# Modern Arnis in Pittsburgh?



## TheKenpoKid (Mar 7, 2007)

So I'm goin to move to Pittsburgh, PA in a few months and am looking for a credible school to train in Modern Arnis. If anyone could point me in the right direction it would be greatly appreciated. Thanks.:ultracool 

-Rich


----------



## arnisador (Mar 7, 2007)

Check some of the links here!


----------



## TheKenpoKid (Mar 8, 2007)

Unfortunately those links yielded nothing helpfull...but thanks anyway


----------



## Guro Harold (Mar 8, 2007)

Hi,

Sorry, couldn't find any Modern Arnis schools or classes in Pittsburgh.

Here is a school that teaches Kali that I found via Yahoo! search.
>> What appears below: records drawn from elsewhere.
Lemma D_add_peirce_diag i a b : commute_e a -> in_peirce i i b ->
  exists z, center mul z /\ D (a + b) = D a + D b + z.
Proof.
move=> ae bii; have be := in_peirce_diag_commute bii.
set T := D (a + b) - (D a + D b).
have DE : D (a + b) = D a + D b + T by rewrite /T [RHS]addrC subrK.
have ae0 : cm a e = 0 by rewrite /commutator ae subrr.
have be0 : cm b e = 0 by rewrite /commutator be subrr.
have Te : commute_e T.
  apply: (@commute_e_of_iter_ade0 m); have := D_iter_comm (a + b) e.
  rewrite commDl ae0 be0 add0r iter_ade0 D0 DE lie_rhs_addl lie_rhsDl.
  by rewrite (lie_rhs_comm0 ae0) (lie_rhs_comm0 be0) !add0r.
have Tx x : R12 x -> cm T x = 0.
  (* v is chosen so that [a + v, e + x] = [a + b, x], with a + v and e + x of the
     shape handled by D_add_commute_e_12. *)
  move=> x12; set v := - cm b x.
  have v12 : R12 v by apply/in_peirceN/comm_diag12.
  have vx0 : cm v x = 0 by rewrite /v commNl (comm_comm12 bii x12) oppr0.
  have ve : cm v e = cm b x by rewrite -/(ade v) ade12 // opprK.
  have [z1 [z1Z Dav]] := D_add_commute_e_12 ae v12.
  have [z2 [z2Z Dex]] := D_add_commute_e_12 (erefl : commute_e e) x12.
  have avex : cm (a + v) (e + x) = cm (a + b) x.
    by rewrite !commDl !commDr ae0 vx0 ve add0r addr0.
  have := D_iter_comm (a + v) (e + x).
  rewrite avex Dav Dex lie_rhs_centerl // lie_rhs_centerr // lie_rhsDl !lie_rhsDr.
  rewrite (lie_rhs_comm0 ae0) (lie_rhs_comm0 vx0) add0r addr0.
  have -> : lie_rhs v (D v) e (D e) = lie_rhs b (D b) x (D x) by rewrite -!D_iter_comm ve.
  rewrite D_iter_comm DE lie_rhs_addl lie_rhsDl => /(canRL (addKr _)); rewrite addNr.
  exact: iter_ade12_eq0 (comm_diag12 Te x12).
by exists T; split; first exact: center_by12.
Qed.
Lemma local_maximizer_balanced :
  2 <= n -> 2 <= #|A| -> local_maximizer A -> half_spans_balanced.
Proof.
move=> n_ge2 A_ge2 locmax; have no_chord := local_maximizer_no_short_chord n_ge2 A_ge2 locmax.
split=> [m_odd | m_even] x /mem_sigmastar[u [w [uA wA uw span_uw ->]]].
all: have wu : w != u by rewrite eq_sym.
all: have := span_dspan uA wA uw; rewrite span_uw => span_half.
all: have := dspan_add_sym uA wA uw; have := dstar_add_sym uw => sym_d sym_s.
- rewrite lt0n dstar_eq0 uw /= leqNgt; apply/negP => far.
  apply: (no_chord w u) => //; apply/and4P; split => //; try apply/eqnP;
    by rewrite ?m_odd /=; move: span_half sym_s; set m := #|A|; lia.
- apply/negPn/negP; rewrite negb_or => /andP[/eqP off_lo /eqP off_hi].
  case: (leqP ((dstar u w).*2 + 2) n) => d_uw.
  + apply: (no_chord u w) => //; apply/and4P; split => //; try apply/eqnP;
      by rewrite ?(negbTE m_even) /=; move: span_half sym_s; set m := #|A|; lia.
  + apply: (no_chord w u) => //; apply/and4P; split => //; try apply/eqnP;
      by rewrite ?(negbTE m_even) /=; move: span_half sym_s; set m := #|A|; lia.
Qed.

Lemma balanced_short_span u w : 2 <= #|A| -> half_spans_balanced ->
  u \in A -> w \in A -> w != u -> (dspan A u w).*2 < #|A| -> (dstar u w).*2 <= n.
Proof.
move=> A_ge2 [bal_odd bal_even] uA wA wu short.
have [|w' [w'A w'u span_w']] := @dspan_onto _ A u #|A|./2 uA; first by set m := #|A|; lia.
have uw' : u != w' by rewrite eq_sym.
have := dstar_in_sigmastar uA w'A uw'; rewrite span_dspan // span_w' => half.
case: (boolP (odd #|A|)) => [m_odd | m_even].
- have := bal_odd m_odd _ half.
  have : dspan A u w <= dspan A u w' by rewrite span_w'; move: short; set m := #|A|; lia.
  by rewrite dspan_le //; lia.
- have := bal_even m_even _ half.
  have : dspan A u w < dspan A u w' by rewrite span_w'; move: short m_even; set m := #|A|; lia.
  by rewrite dspan_lt // => lt /orP[] /eqP; lia.
Qed.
Pennsylvania Turtle Creek Martial Arts Academy Of Pittsburgh
912 Penn Avenue
Pittsburgh, Pa 15145
412-823-7538 
- Grappling Kali American Kickboxing Muay Thai Kickboxing Trapping


Best regards,

Palusut


----------



## TheKenpoKid (Mar 12, 2007)

Sounds good...thanks a lot


----------



## ajs1976 (Mar 13, 2007)

I don't know of an Modern Arnis schools, but here are the FMA schools I know of:

http://www.lathenmartialarts.com/ - I am currently taking Kali classes here

http://www.pakarate.com/

http://www.inayan.com/ISE/Home.html - Aliquippa, PA is outside of Pittsburgh

http://www.themaap.com/ 

there are probably more, but those are the ones I can think of right now.


----------